So Many Photographs, So Little Time

by Donna Tennant April 2, 2006

With more than 120 exhibitions of photographic work displayed around Houston for the 11th annual FotoFest, how is one to choose what to see? The shows reviewed here are related geographically more than thematically, and in fact, are quite disparate in terms of how they use the photographic medium to convey their messages.

Lalla Essaydi...


Lalla Essaydi at Anya Tish Gallery uses the camera to document gatherings of Islamic women, while Maria Martinez-Cañas did not use a camera at all to produce her work at De Santos Gallery. Miguel Ángel Rojas at Sicardi Gallery uses photographs to make socio-political statements relating to his life in Colombia. Houston renaissance man David Crossley began his professional life as a photographer, but is presenting his vision of a future for a city that tends to value strip centers over green spaces at Joan Wich Gallery. All the exhibitions address, in some way, the twin themes of FotoFest – Artists Responding to Violence and The Earth.

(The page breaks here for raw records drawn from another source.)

(* Let $A\in\mathbb{C}^{n\times n}$, $C\in\mathbb{C}^{1\times n}$, $s=\{s_1,\dots,s_j\}\subset\mathbb{C}\setminus\Lambda(A^* )$, and let $\mathcal{K}_j(A^*,C^*,s)$ be $A^*$-variant with basis $Z_j$ such that $A^*Z_j=C^*h_j+Z_jH_{-j}$ with $h_j\in\mathbb{C}^{1\times j}$, $H_{-j}\in\mathbb{C}^{j\times j}$ and $\Lambda(H_{-j})=s$. Then the pair $(h_j,H_{-j})$ is observable, i.e. there is no nonzero $u\in\mathbb{C}^j$ with $h_ju=0$ and $H_{-j}u=\mu u$ for some $\mu\in\mathbb{C}$. Consequently, for every $B\in\mathbb{C}^{n\times m}$ the pair $\big(H_{-j}^*,\begin{bmatrix}h_j^*&Z_j^*B\end{bmatrix}\big)$ is controllable.
   Context: For $M\in\mathbb{C}^{n\times n}$, $b\in\mathbb{C}^n$ and a multiset $s=\{s_1,\dots,s_j\}\subset(\mathbb{C}\cup\{\infty\})\setminus\Lambda(M)$, with $q(x)=\prod_{i:\,s_i\ne\infty}(x-s_i)$, the rational Krylov subspace is $\mathcal{K}_j(M,b,s)=\{q(M)^{-1}p(M)b:p\in\Pi_{j-1}\}$. A subspace $\mathcal{V}$ is $M$-variant if $M\mathcal{V}\not\subseteq\mathcal{V}$. The matrix $\begin{bmatrix}C^*&Z_j\end{bmatrix}$ has full column rank. A pair $(F,G)$ with $F\in\mathbb{C}^{j\times j}$ is controllable if $\operatorname{rank}\begin{bmatrix}G&FG&\cdots&F^{j-1}G\end{bmatrix}=j$. *)

(* complex numbers modelled as R[i] for R : realType (= C). *)
From HB Require Import structures.
From mathcomp Require Import all_boot all_algebra.
From mathcomp Require Import reals complex.
Set Implicit Arguments. Unset Strict Implicit. Unset Printing Implicit Defensive.
Import GRing.Theory Num.Theory.
Local Open Scope ring_scope.

Section Defs.
Variable K : numClosedFieldType.

Definition ctrans m n (M : 'M[K]_(m, n)) : 'M[K]_(n, m) := (map_mx Num.conj M)^T.

Definition peval n (p : {poly K}) (M : 'M[K]_n) : 'M[K]_n :=
  \sum_(i < size p) p`_i *: M ^+ i.

(* q(M) = prod_i (M - s_i I), all shifts finite *)
Definition qeval n j (s : 'I_j -> K) (M : 'M[K]_n) : 'M[K]_n :=
  \prod_(i < j) (M - (s i)%:M).

(* membership in the rational Krylov subspace K_j(M, b, s)
   = { q(M)^{-1} p(M) b : deg p <= j-1 } *)
Definition in_ratKrylov n j (M : 'M[K]_n) (b : 'cV[K]_n) (s : 'I_j -> K)
    (v : 'cV[K]_n) : Prop :=
  exists p : {poly K}, (size p <= j)%N /\
    v = invmx (qeval s M) *m (peval p M *m b).

Definition is_basis n j (Z : 'M[K]_(n, j)) (V : 'cV[K]_n -> Prop) : Prop :=
  \rank Z = j /\ (forall v, V v <-> exists x : 'cV[K]_j, v = Z *m x).

Definition variant n (M : 'M[K]_n) (V : 'cV[K]_n -> Prop) : Prop :=
  exists v, V v /\ ~ V (M *m v).

Definition observable p j (h : 'M[K]_(p, j)) (H : 'M[K]_j) : Prop :=
  ~ exists (u : 'cV[K]_j) (mu : K), u != 0 /\ h *m u = 0 /\ H *m u = mu *: u.

Definition ctrb_mx j p (F : 'M[K]_j) (G : 'M[K]_(j, p)) :=
  \mxrow_(i < j) (F ^+ i *m G).

Definition controllable j p (F : 'M[K]_j) (G : 'M[K]_(j, p)) : Prop :=
  \rank (ctrb_mx F G) = j.

End Defs.

From HB Require Import structures.
From mathcomp Require Import all_boot all_algebra.
From mathcomp Require Import reals complex.
Import GRing.Theory Num.Theory.
Local Open Scope ring_scope.
Set Implicit Arguments. Unset Strict Implicit.

(* 1. If Z has full column rank and M Z = c h + Z H, then an eigenvector u of
      H with h u = 0 is mapped by Z to an eigenvector Z u of M with the same
      eigenvalue.  Hence if no eigenvalue of H is an eigenvalue of M, the
      pair (h, H) is observable.  In the theorem the eigenvalues of H are the
      shifts s_k, which by hypothesis avoid the spectrum of A^*.
   2. Popov-Belevitch-Hautus test: (F, G) is controllable as soon as no left
      eigenvector of F is annihilated by G.  By Cayley-Hamilton the left
      kernel of the controllability matrix is F-invariant; over an
      algebraically closed field a nonzero invariant subspace contains a left
      eigenvector, which is then killed by G.
   3. Conjugate transposition turns a left eigenvector w of H^* killed by h^*
      into a right eigenvector w^* of H killed by h, so observability of
      (h, H) gives controllability of (H^*, [h^* X]) for every block X. *)

Section KrylovControllability.
Variable K : numClosedFieldType.

Lemma ctransM m n p (A : 'M[K]_(m, n)) (B : 'M[K]_(n, p)) :
  ctrans (A *m B) = ctrans B *m ctrans A.
Proof. by rewrite /ctrans map_mxM trmx_mul. Qed.

Lemma ctransK m n (A : 'M[K]_(m, n)) : ctrans (ctrans A) = A.
Proof. by apply/matrixP=> i k; rewrite !mxE conjCK. Qed.

Lemma ctransZ m n a (A : 'M[K]_(m, n)) : ctrans (a *: A) = a^* *: ctrans A.
Proof. by rewrite /ctrans map_mxZ linearZ. Qed.

Lemma ctrans0 m n : ctrans (0 : 'M[K]_(m, n)) = 0.
Proof. by apply/matrixP=> i k; rewrite !mxE conjC0. Qed.

Lemma ctrans_eq0 m n (A : 'M[K]_(m, n)) : (ctrans A == 0) = (A == 0).
Proof.
apply/eqP/eqP=> [A0|->]; last exact: ctrans0.
by rewrite -[A]ctransK A0 ctrans0.
Qed.

(* [eigenvalue] is phrased with left (row) eigenvectors; a right (column)
   eigenvector yields an eigenvalue as well, since det (M - mu) = 0. *)
Lemma eigenvalue_col n (M : 'M[K]_n) (v : 'cV[K]_n) mu :
  v != 0 -> M *m v = mu *: v -> eigenvalue M mu.
Proof.
move=> v0 Mv.
have /det0P [w w0 Mw] : \det (M - mu%:M) == 0.
  rewrite -det_tr; apply/det0P; exists v^T; first by rewrite trmx_eq0.
  by rewrite -trmx_mul mulmxBl Mv mul_scalar_mx subrr trmx0.
apply/eigenvalueP; exists w => //.
by apply/eqP; rewrite -subr_eq0 -mul_mx_scalar -mulmxBr Mw.
Qed.

Lemma observable_of_projection n p j (M : 'M[K]_n) (c : 'M[K]_(n, p))
    (Z : 'M[K]_(n, j)) (h : 'M[K]_(p, j)) (H : 'M[K]_j) :
  \rank Z = j -> M *m Z = c *m h + Z *m H ->
  (forall mu, eigenvalue H mu -> ~~ eigenvalue M mu) ->
  observable h H.
Proof.
move=> rkZ MZ sep [u [mu [u0 [hu Hu]]]].
have Zu0 : Z *m u != 0.
  rewrite -trmx_eq0 trmx_mul mulmx_free_eq0 ?trmx_eq0 //.
  by rewrite /row_free mxrank_tr rkZ.
have MZu : M *m (Z *m u) = mu *: (Z *m u).
  by rewrite mulmxA MZ mulmxDl -!mulmxA hu mulmx0 add0r Hu scalemxAr.
by have := sep mu (eigenvalue_col u0 Hu); rewrite (eigenvalue_col Zu0 MZu).
Qed.

Lemma char_poly_top_power n (F : 'M[K]_n.+1) :
  F ^+ n.+1 = - \sum_(i < n.+1) (char_poly F)`_i *: F ^+ i.
Proof.
have expand (q : {poly K}) : horner_mx F q = \sum_(i < size q) q`_i *: F ^+ i.
  rewrite -{1}[q]coefK poly_def rmorph_sum; apply: eq_bigr => i _.
  rewrite -mul_polyC rmorphM /= horner_mx_C rmorphXn /= horner_mx_X.
  by rewrite [_ * _]mul_scalar_mx.
have CH := Cayley_Hamilton F.
rewrite expand size_char_poly big_ord_recr /= in CH.
have lead1 : (char_poly F)`_n.+1 = 1.
  by have /monicP := char_poly_monic F; rewrite lead_coefE size_char_poly.
rewrite lead1 scale1r in CH.
by apply/eqP; rewrite -addr_eq0 addrC CH.
Qed.

Lemma ctrb_mx_blocks m j p (F : 'M[K]_j) (G : 'M[K]_(j, p)) (w : 'M[K]_(m, j)) :
  w *m ctrb_mx F G = 0 -> forall i : 'I_j, w *m (F ^+ i *m G) = 0.
Proof.
rewrite /ctrb_mx mul_mxrow => wX0 i.
by have := congr1 (fun X => submxrow X i) wX0; rewrite mxrowK submxrow0.
Qed.

(* By Cayley-Hamilton, what annihilates the first j blocks annihilates all
   blocks F^k G, k arbitrary. *)
Lemma ctrb_mx_all_powers m j p (F : 'M[K]_j) (G : 'M[K]_(j, p))
    (w : 'M[K]_(m, j)) :
  w *m ctrb_mx F G = 0 -> forall k, w *m (F ^+ k *m G) = 0.
Proof.
case: j F G w => [|j] F G w wX0 k; first by rewrite thinmx0 mul0mx.
elim/ltn_ind: k => k IH.
have [kj|jk] := ltnP k j.+1; first exact: (ctrb_mx_blocks wX0 (Ordinal kj)).
rewrite -(subnK jk) exprD char_poly_top_power mulrN mulr_sumr -mulmxE.
rewrite mulNmx mulmxN mulmx_suml mulmx_sumr big1 ?oppr0 // => i _.
rewrite -scalemxAr -scalemxAl -scalemxAr mulmxE -exprD.
by rewrite IH ?scaler0 // -{2}(subnK jk) ltn_add2l.
Qed.

Lemma ctrb_kernel_stable j p (F : 'M[K]_j) (G : 'M[K]_(j, p)) :
  (kermx (ctrb_mx F G) *m F <= kermx (ctrb_mx F G))%MS.
Proof.
set W := kermx _; have W0 : W *m ctrb_mx F G = 0 by rewrite mulmx_ker.
rewrite sub_kermx /ctrb_mx mul_mxrow; apply/eqP.
rewrite -(mxrow0 (q_ := fun _ => p)); apply/eq_mxrowP => i.
have -> : W *m F *m (F ^+ i *m G) = W *m (F ^+ i.+1 *m G).
  by rewrite exprS mulmxA -(mulmxA W F) !mulmxA.
exact: ctrb_mx_all_powers.
Qed.

Lemma stable_left_eigenvector j (F W : 'M[K]_j) :
  (0 < \rank W)%N -> (W *m F <= W)%MS ->
  exists w : 'rV_j, exists b, [/\ w != 0, (w <= W)%MS & w *m F = b *: w].
Proof.
move=> W_gt0 WF.
have [a /eigenvalueP [v Hv v0]] := eigenvalue_closed (restrictmx W F) W_gt0.
set w := v *m row_base W.
have /sub_rVP [b Hb] : (w *m F <= w)%MS.
  rewrite -stablemx_restrict //; apply/eigenvectorP; exists a.
  by apply/eigenspaceP.
exists w, b; split=> //; first by rewrite mulmx_free_eq0 ?row_base_free.
by apply: submx_trans (submxMl _ _) _; rewrite eq_row_base.
Qed.

Lemma controllable_PBH j p (F : 'M[K]_j) (G : 'M[K]_(j, p)) :
  (forall (w : 'rV_j) b, w != 0 -> w *m F = b *: w -> w *m G != 0) ->
  controllable F G.
Proof.
move=> PBH; apply/eqP; rewrite eqn_leq rank_leq_row /= leqNgt; apply/negP.
rewrite -subn_gt0 -mxrank_ker => ker_gt0.
have [w [b [w0 wW wF]]] := stable_left_eigenvector ker_gt0 (ctrb_kernel_stable F G).
case: j F G PBH w wW wF w0 ker_gt0 => [|j] F G PBH w wW wF w0.
  by rewrite thinmx0 eqxx in w0.
move/sub_kermxP: wW => /ctrb_mx_blocks /(_ ord0); rewrite expr0 mul1mx => wG.
by move: (PBH w b w0 wF); rewrite wG eqxx.
Qed.

Lemma controllable_dual_of_observable p q j (h : 'M[K]_(p, j)) (H : 'M[K]_j)
    (X : 'M[K]_(j, q)) :
  observable h H -> controllable (ctrans H) (row_mx (ctrans h) X).
Proof.
move=> obs; apply: controllable_PBH => w b w0 wH; apply/negP => /eqP.
rewrite mul_mx_row => /eqP; rewrite row_mx_eq0 => /andP [/eqP wh _].
apply: obs; exists (ctrans w), b^*; split; first by rewrite ctrans_eq0.
split; first by rewrite -[h]ctransK -ctransM wh ctrans0.
by rewrite -[H]ctransK -ctransM wH ctransZ.
Qed.

End KrylovControllability.

Unset Implicit Arguments.
Set Strict Implicit.

Theorem mainTheorem3 (R : realType) (n j : nat)
  (A : 'M[R[i]]_n) (C : 'M[R[i]]_(1, n)) (s : 'I_j -> R[i])
  (Z : 'M[R[i]]_(n, j)) (h : 'M[R[i]]_(1, j)) (H : 'M[R[i]]_j) :
  (forall k, ~~ eigenvalue (ctrans A) (s k)) ->
  variant (ctrans A) (in_ratKrylov (ctrans A) (ctrans C) s) ->
  is_basis Z (in_ratKrylov (ctrans A) (ctrans C) s) ->
  ctrans A *m Z = ctrans C *m h + Z *m H ->
  char_poly H = \prod_(k < j) ('X - (s k)%:P) ->
  observable h H /\
  (forall (m : nat) (B : 'M[R[i]]_(n, m)),
     controllable (ctrans H) (row_mx (ctrans h) (ctrans Z *m B))).
Proof.
move=> shifts_ok _ [rkZ _] AZ charH.
(* Every eigenvalue of H is one of the shifts s_k. *)
have sep mu : eigenvalue H mu -> ~~ eigenvalue (ctrans A) mu.
  rewrite eigenvalue_root_char charH /root horner_prod.
  move/prodf_eq0 => [k _]; rewrite hornerXsubC subr_eq0 => /eqP ->.
  exact: shifts_ok.
have obs : observable h H by apply: observable_of_projection rkZ AZ sep.
by split=> // m B; apply: controllable_dual_of_observable.
Qed.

Lalla Essaydi: Converging Territories at Anya Tish Gallery

“I am writing. I am writing on me. I am writing on her.” Thus begins Essaydi’s journal, the words of which are transcribed in henna upon every surface in her color photographs – women and children’s faces, hands, and feet; eggs at their feet; fabric draping the walls and floors; and veils wrapping their bodies and covering, in most cases, all but their eyes. The women are unmistakably Islamic, and the Arabic words are written in the beautiful art of calligraphy. Right away, it is apparent that the use of calligraphy, one of the most revered of all the Islamic arts, traditionally practiced only by men, has been manipulated. She describes the photographs as a subversive engagement that conveys her own experience as an Arab woman caught somewhere between past and present, East and West.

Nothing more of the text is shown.